Earlier, a protester in the town said police had fired water cannon as they surrounded a crowd.
"They used water cannon against peaceful protesters – they shouldn't treat people like that," Aye Aye Tint told Reuters from the town.
In Yangon, despite the police presence, people came out to chant and sing, then scatter into side streets as police advanced, firing tear gas, setting off stun grenades and firing guns into the air, witnesses said.
Similar scenes played out in the second city of Mandalay and several other towns, including Dawei in the south, witnesses and media said.
Among those detained at a Mandalay protest was Win Mya Mya, one of only two Muslim members of parliament for the NLD, media said.
Junta leader General Min Aung Hlaing has said authorities were using minimal force.
Nevertheless, at least three protesters have died in the weeks of turmoil.
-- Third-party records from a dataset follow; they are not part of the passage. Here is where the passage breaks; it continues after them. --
(* Let $\mathcal C$ and $\mathcal D$ be categories and $F\colon\mathcal C\to\mathcal D$ a functor. (1) If $\mathcal C$ has AP and $F$ is essentially wide and absorbing, then $\mathcal D$ has AP. (2) If $\mathcal C$ has CAP and $F$ is cofinal and absorbing, then $\mathcal D$ has CAP. (3) If $\mathcal C$ has WAP and $F$ is cofinal and weakly absorbing, then $\mathcal D$ has WAP. In particular, if $F$ is wide and star-surjective, then each of AP, CAP and WAP for $\mathcal C$ implies the same property for $\mathcal D$.
   Context: In a category, an object $A$ is an amalgamation base if for all morphisms $\alpha_1\colon A\to B$, $\alpha_2\colon A\to C$ there are an object $D$ and morphisms $\beta_1\colon B\to D$, $\beta_2\colon C\to D$ with $\beta_1\alpha_1=\beta_2\alpha_2$. AP: every object is an amalgamation base. CAP: every object $A_0$ has a morphism into an amalgamation base. WAP: every object $A_0$ has a morphism $i\colon A_0\to A$ that is amalgamable, i.e. for all $\alpha_1\colon A\to B$, $\alpha_2\colon A\to C$ there are $\beta_1\colon B\to D$, $\beta_2\colon C\to D$ with $\beta_1\alpha_1 i=\beta_2\alpha_2 i$. A functor $F\colon\mathcal C\to\mathcal D$ is: wide if every $\mathcal D$-object equals $F(X')$ for some $\mathcal C$-object $X'$; essentially wide if every $\mathcal D$-object is isomorphic to some $F(X')$; cofinal if for every $\mathcal D$-object $X$ there are a $\mathcal C$-object $X'$ and a $\mathcal D$-morphism $X\to F(X')$; star-surjective if for every $\mathcal C$-object $X'$ and $\mathcal D$-morphism $f\colon F(X')\to Y$ there is a $\mathcal C$-morphism $f'\colon X'\to Y'$ with $F(f')=f$; absorbing if for every $\mathcal C$-object $X'$ and $\mathcal D$-morphism $f\colon F(X')\to Y$ there are a $\mathcal C$-morphism $f'\colon X'\to Y'$ and a $\mathcal D$-morphism $g\colon Y\to F(Y')$ with $F(f')=g\circ f$; weakly absorbing if for every $\mathcal C$-object $X'$ there is a $\mathcal D$-morphism $e\colon F(X')\to X$ such that for every $\mathcal D$-morphism $f\colon X\to Y$ there are a $\mathcal C$-morphism $f'\colon X'\to Y'$ and a $\mathcal D$-morphism $g\colon Y\to F(Y')$ with $F(f')=g\circ f\circ e$. *)

Record Category := {
  Ob : Type;
  Hom : Ob -> Ob -> Type;
  idm : forall a : Ob, Hom a a;
  comp : forall a b c : Ob, Hom b c -> Hom a b -> Hom a c;
  comp_id_l : forall a b (f : Hom a b), comp a b b (idm b) f = f;
  comp_id_r : forall a b (f : Hom a b), comp a a b f (idm a) = f;
  comp_assoc : forall a b c d (f : Hom a b) (g : Hom b c) (h : Hom c d),
      comp a c d h (comp a b c g f) = comp a b d (comp b c d h g) f
}.

Arguments Hom {C} : rename.
Arguments idm {C} : rename.
Arguments comp {C} {a b c} : rename.

Notation "g ∘ f" := (comp g f) (at level 40, left associativity).

Record Functor (C D : Category) := {
  fobj : Ob C -> Ob D;
  fmap : forall a b : Ob C, Hom a b -> Hom (fobj a) (fobj b);
  fmap_id : forall a, fmap a a (idm a) = idm (fobj a);
  fmap_comp : forall a b c (f : Hom a b) (g : Hom b c),
      fmap a c (g ∘ f) = fmap b c g ∘ fmap a b f
}.

Arguments fobj {C D} F : rename.
Arguments fmap {C D} F {a b} : rename.

Section Props.
Variable C : Category.

Definition amalgamation_base (A : Ob C) : Prop :=
  forall (B Cc : Ob C) (a1 : Hom A B) (a2 : Hom A Cc),
    exists (D : Ob C) (b1 : Hom B D) (b2 : Hom Cc D), b1 ∘ a1 = b2 ∘ a2.

Definition AP : Prop := forall A : Ob C, amalgamation_base A.

Definition CAP : Prop :=
  forall A0 : Ob C, exists (A : Ob C) (_ : Hom A0 A), amalgamation_base A.

Definition amalgamable {A0 A : Ob C} (i : Hom A0 A) : Prop :=
  forall (B Cc : Ob C) (a1 : Hom A B) (a2 : Hom A Cc),
    exists (D : Ob C) (b1 : Hom B D) (b2 : Hom Cc D),
      b1 ∘ a1 ∘ i = b2 ∘ a2 ∘ i.

Definition WAP : Prop :=
  forall A0 : Ob C, exists (A : Ob C) (i : Hom A0 A), amalgamable i.

Definition is_iso {a b : Ob C} (f : Hom a b) : Prop :=
  exists g : Hom b a, g ∘ f = idm a /\ f ∘ g = idm b.

Definition isomorphic (a b : Ob C) : Prop :=
  exists f : Hom a b, is_iso f.
End Props.

Arguments amalgamable {C A0 A} i.
Arguments is_iso {C a b} f.

Section FunctorProps.
Variables C D : Category.
Variable F : Functor C D.

Definition wide : Prop := forall X : Ob D, exists X' : Ob C, fobj F X' = X.

Definition essentially_wide : Prop :=
  forall X : Ob D, exists X' : Ob C, isomorphic D X (fobj F X').

Definition cofinal : Prop :=
  forall X : Ob D, exists (X' : Ob C) (_ : Hom X (fobj F X')), True.

(* F(f') = f, where the codomain F(Y') of F(f') is identified with Y via p *)
Definition star_surjective : Prop :=
  forall (X' : Ob C) (Y : Ob D) (f : Hom (fobj F X') Y),
    exists (Y' : Ob C) (f' : Hom X' Y') (p : fobj F Y' = Y),
      eq_rect (fobj F Y') (fun Z => Hom (fobj F X') Z) (fmap F f') Y p = f.

Definition absorbing : Prop :=
  forall (X' : Ob C) (Y : Ob D) (f : Hom (fobj F X') Y),
    exists (Y' : Ob C) (f' : Hom X' Y') (g : Hom Y (fobj F Y')),
      fmap F f' = g ∘ f.

Definition weakly_absorbing : Prop :=
  forall X' : Ob C, exists (X : Ob D) (e : Hom (fobj F X') X),
    forall (Y : Ob D) (f : Hom X Y),
      exists (Y' : Ob C) (f' : Hom X' Y') (g : Hom Y (fobj F Y')),
        fmap F f' = g ∘ f ∘ e.
End FunctorProps.

Arguments wide {C D} F.
Arguments essentially_wide {C D} F.
Arguments cofinal {C D} F.
Arguments star_surjective {C D} F.
Arguments absorbing {C D} F.
Arguments weakly_absorbing {C D} F.

(* An amalgamation problem in D over F(A) is pulled back into C: absorption
   turns each leg out of F(A) into the image of a leg out of A, up to a further
   morphism, C amalgamates the resulting span, and F carries the amalgamating
   square back to D.  Cofinality supplies an object F(A) above a given object
   of D, essential wideness reaches an arbitrary object as a retract of some
   F(A), and a wide star-surjective functor has all of these properties. *)


Section Amalgamation.
Variable C : Category.

Lemma amalgamation_baseE (A : Ob C) :
  amalgamation_base C A <-> amalgamable (idm A).
Proof.
  split; intros HA B Cc a1 a2; destruct (HA B Cc a1 a2) as [D [b1 [b2 Hb]]];
    exists D, b1, b2; [rewrite !comp_id_r | rewrite !comp_id_r in Hb]; exact Hb.
Qed.

Lemma amalgamable_comp_r (A0 A1 A : Ob C) (u : Hom A0 A1) (i : Hom A1 A) :
  amalgamable i -> amalgamable (i ∘ u).
Proof.
  intros Hi B Cc a1 a2. destruct (Hi B Cc a1 a2) as [D [b1 [b2 Hb]]].
  exists D, b1, b2. rewrite !comp_assoc, Hb. reflexivity.
Qed.

Lemma amalgamable_comp_l (A0 A A' : Ob C) (i : Hom A0 A) (k : Hom A A') :
  amalgamable i -> amalgamable (k ∘ i).
Proof.
  intros Hi B Cc a1 a2. destruct (Hi B Cc (a1 ∘ k) (a2 ∘ k)) as [D [b1 [b2 Hb]]].
  exists D, b1, b2. rewrite !comp_assoc in Hb |- *. exact Hb.
Qed.

Lemma amalgamation_base_retract (A B : Ob C) (h : Hom A B) (k : Hom B A) :
  k ∘ h = idm A -> amalgamation_base C B -> amalgamation_base C A.
Proof.
  intros Hkh HB. apply amalgamation_baseE in HB.
  assert (Hk := amalgamable_comp_l _ _ _ (idm B) k HB). rewrite comp_id_r in Hk.
  apply amalgamation_baseE. rewrite <- Hkh. exact (amalgamable_comp_r _ _ _ h k Hk).
Qed.

End Amalgamation.

Section Transfer.
Variables C D : Category.
Variable F : Functor C D.

Definition absorbs_along (X' : Ob C) (X : Ob D) (e : Hom (fobj F X') X) : Prop :=
  forall (Y : Ob D) (f : Hom X Y),
    exists (Y' : Ob C) (f' : Hom X' Y') (g : Hom Y (fobj F Y')),
      fmap F f' = g ∘ f ∘ e.

Lemma absorbing_absorbs_along_id (X' : Ob C) :
  absorbing F -> absorbs_along X' (fobj F X') (idm _).
Proof.
  intros Ab Y f. destruct (Ab X' Y f) as [Y' [f' [g H]]].
  exists Y', f', g. rewrite comp_id_r. exact H.
Qed.

Lemma absorbing_weakly_absorbing : absorbing F -> weakly_absorbing F.
Proof.
  intros Ab X'. exists (fobj F X'), (idm _). exact (absorbing_absorbs_along_id X' Ab).
Qed.

Lemma amalgamable_absorbed (A0 A : Ob C) (X : Ob D) (i : Hom A0 A)
    (e : Hom (fobj F A) X) :
  absorbs_along A X e -> amalgamable i -> amalgamable (e ∘ fmap F i).
Proof.
  intros He Hi B Cc a1 a2.
  destruct (He B a1) as [Y1 [f1 [g1 H1]]].
  destruct (He Cc a2) as [Y2 [f2 [g2 H2]]].
  destruct (Hi Y1 Y2 f1 f2) as [E [b1 [b2 Hb]]].
  exists (fobj F E), (fmap F b1 ∘ g1), (fmap F b2 ∘ g2).
  assert (HF := f_equal (fmap F) Hb).
  rewrite !fmap_comp, H1, H2, !comp_assoc in HF.
  rewrite !comp_assoc. exact HF.
Qed.

Lemma amalgamation_base_fobj (A : Ob C) :
  absorbing F -> amalgamation_base C A -> amalgamation_base D (fobj F A).
Proof.
  intros Ab HA. apply amalgamation_baseE in HA.
  assert (H := amalgamable_absorbed A A _ (idm A) (idm _)
                 (absorbing_absorbs_along_id A Ab) HA).
  rewrite fmap_id, comp_id_l in H. apply amalgamation_baseE. exact H.
Qed.

Lemma AP_transfer : AP C -> essentially_wide F -> absorbing F -> AP D.
Proof.
  intros Ap Ew Ab A. destruct (Ew A) as [X' [h [k [Hkh _]]]].
  exact (amalgamation_base_retract D A _ h k Hkh (amalgamation_base_fobj X' Ab (Ap X'))).
Qed.

Lemma CAP_transfer : CAP C -> cofinal F -> absorbing F -> CAP D.
Proof.
  intros Cp Cf Ab A0. destruct (Cf A0) as [X' [u _]]. destruct (Cp X') as [A [i HA]].
  exists (fobj F A), (fmap F i ∘ u). exact (amalgamation_base_fobj A Ab HA).
Qed.

Lemma WAP_transfer : WAP C -> cofinal F -> weakly_absorbing F -> WAP D.
Proof.
  intros Wp Cf Wa A0. destruct (Cf A0) as [X' [u _]].
  destruct (Wp X') as [A [i Hi]]. destruct (Wa A) as [X [e He]].
  exists X, (e ∘ fmap F i ∘ u).
  exact (amalgamable_comp_r D _ _ _ u _ (amalgamable_absorbed X' A X i e He Hi)).
Qed.

Lemma wide_essentially_wide : wide F -> essentially_wide F.
Proof.
  intros W X. destruct (W X) as [X' <-]. exists X', (idm _), (idm _).
  split; apply comp_id_l.
Qed.

Lemma wide_cofinal : wide F -> cofinal F.
Proof.
  intros W X. destruct (W X) as [X' <-]. exists X', (idm _). exact I.
Qed.

Lemma star_surjective_absorbing : star_surjective F -> absorbing F.
Proof.
  intros S X' Y f. destruct (S X' Y f) as [Y' [f' [<- H]]].
  exists Y', f', (idm _). rewrite comp_id_l. exact H.
Qed.

End Transfer.

Theorem proposition3p7 (C D : Category) (F : Functor C D) :
  (AP C -> essentially_wide F -> absorbing F -> AP D) /\
  (CAP C -> cofinal F -> absorbing F -> CAP D) /\
  (WAP C -> cofinal F -> weakly_absorbing F -> WAP D) /\
  (wide F -> star_surjective F ->
     (AP C -> AP D) /\ (CAP C -> CAP D) /\ (WAP C -> WAP D)).
Proof.
  split; [exact (AP_transfer C D F) |].
  split; [exact (CAP_transfer C D F) |].
  split; [exact (WAP_transfer C D F) |].
  intros W S.
  assert (Ab := star_surjective_absorbing C D F S).
  split; [| split]; intros H.
  - exact (AP_transfer C D F H (wide_essentially_wide C D F W) Ab).
  - exact (CAP_transfer C D F H (wide_cofinal C D F W) Ab).
  - exact (WAP_transfer C D F H (wide_cofinal C D F W)
             (absorbing_weakly_absorbing C D F Ab)).
Qed.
The army says a policeman was also killed.
'Our cause will prevail'
At the UN General Assembly, Kyaw Moe Tun said he was speaking on behalf of Suu Kyi's government and appealed for "any means necessary to take action against the Myanmar military and to provide safety and security for the people".
"We need further strongest possible action from the international community to immediately end the military coup ... and to restore the democracy," he said.
Tun appeared emotional as he read the statement on behalf of a group of elected politicians that he said represented the legitimate government.
Delivering his final words in Burmese, the career diplomat raised the three-finger salute of pro-democracy protesters and announced, "Our cause will prevail."
Reuters was not immediately able to contact the army for comment.
In a powerful and impressive speech to the UN General Assembly, Myanmar's Ambassador Kyaw Moe Tun says "the military coup is not acceptable in this modern world and the coup must fail." A speech for everyone in Myanmar to be proud of. pic.twitter.com/241WneGz7G— Kenneth Roth (@KenRoth) February 27, 2021
Time to move
Coup opponents hailed Kyaw Moe Tun as a hero and flooded social media with messages of thanks. UN Special Rapporteur Tom Andrews said he was overwhelmed as he watched the ambassador's "act of courage".
"It's time for the world to answer that courageous call with action," Andrews said on Twitter.
China's envoy did not criticise the coup and said the situation was part of Myanmar's "internal affairs". China supported diplomacy by southeast Asian countries, he said.
But in more bad news for the generals who have traditionally shrugged off outside pressure, Australia's Woodside Petroleum Ltd said it was cutting its presence in Myanmar over concern about rights violations and violence by security forces.
"Woodside supports the people of Myanmar and we hope to see a peaceful journey to democracy," the company said.
I was overwhelmed today as I watched Myanmar's UN ambassador's remarkable act of courage at the UN. Despite enormous pressure to do otherwise, he spoke up for the people of Myanmar and against an illegal coup. It's time for the world to answer that courageous call with action. pic.twitter.com/y6UrUECfSh— UN Special Rapporteur Tom Andrews (@RapporteurUn) February 27, 2021
Election date not declared
A lawyer for Suu Kyi, Khin Maung Zaw, told Reuters he had also heard that she had been moved from her home in the capital, Naypyitaw, but could not confirm it. Authorities did not respond to a request for comment.
The lawyer said he had been given no access to Suu Kyi ahead of her next hearing on Monday and he was concerned about her access to justice and legal counsel.
Nobel Peace laureate Suu Kyi, 75, spent nearly 15 years under house arrest during military rule.
She faces charges of illegally importing six walkie-talkie radios and of violating a natural disaster law by breaching coronavirus protocols.
The army has promised an election but not given a date. It has imposed a one-year state of emergency.
The question of an election is at the centre of a diplomatic effort by the Association of Southeast Asian Nations, of which Myanmar is a member.
Indonesia has taken the lead but coup opponents fear the effort could legitimise the junta and what they see as its bid to annul the November election.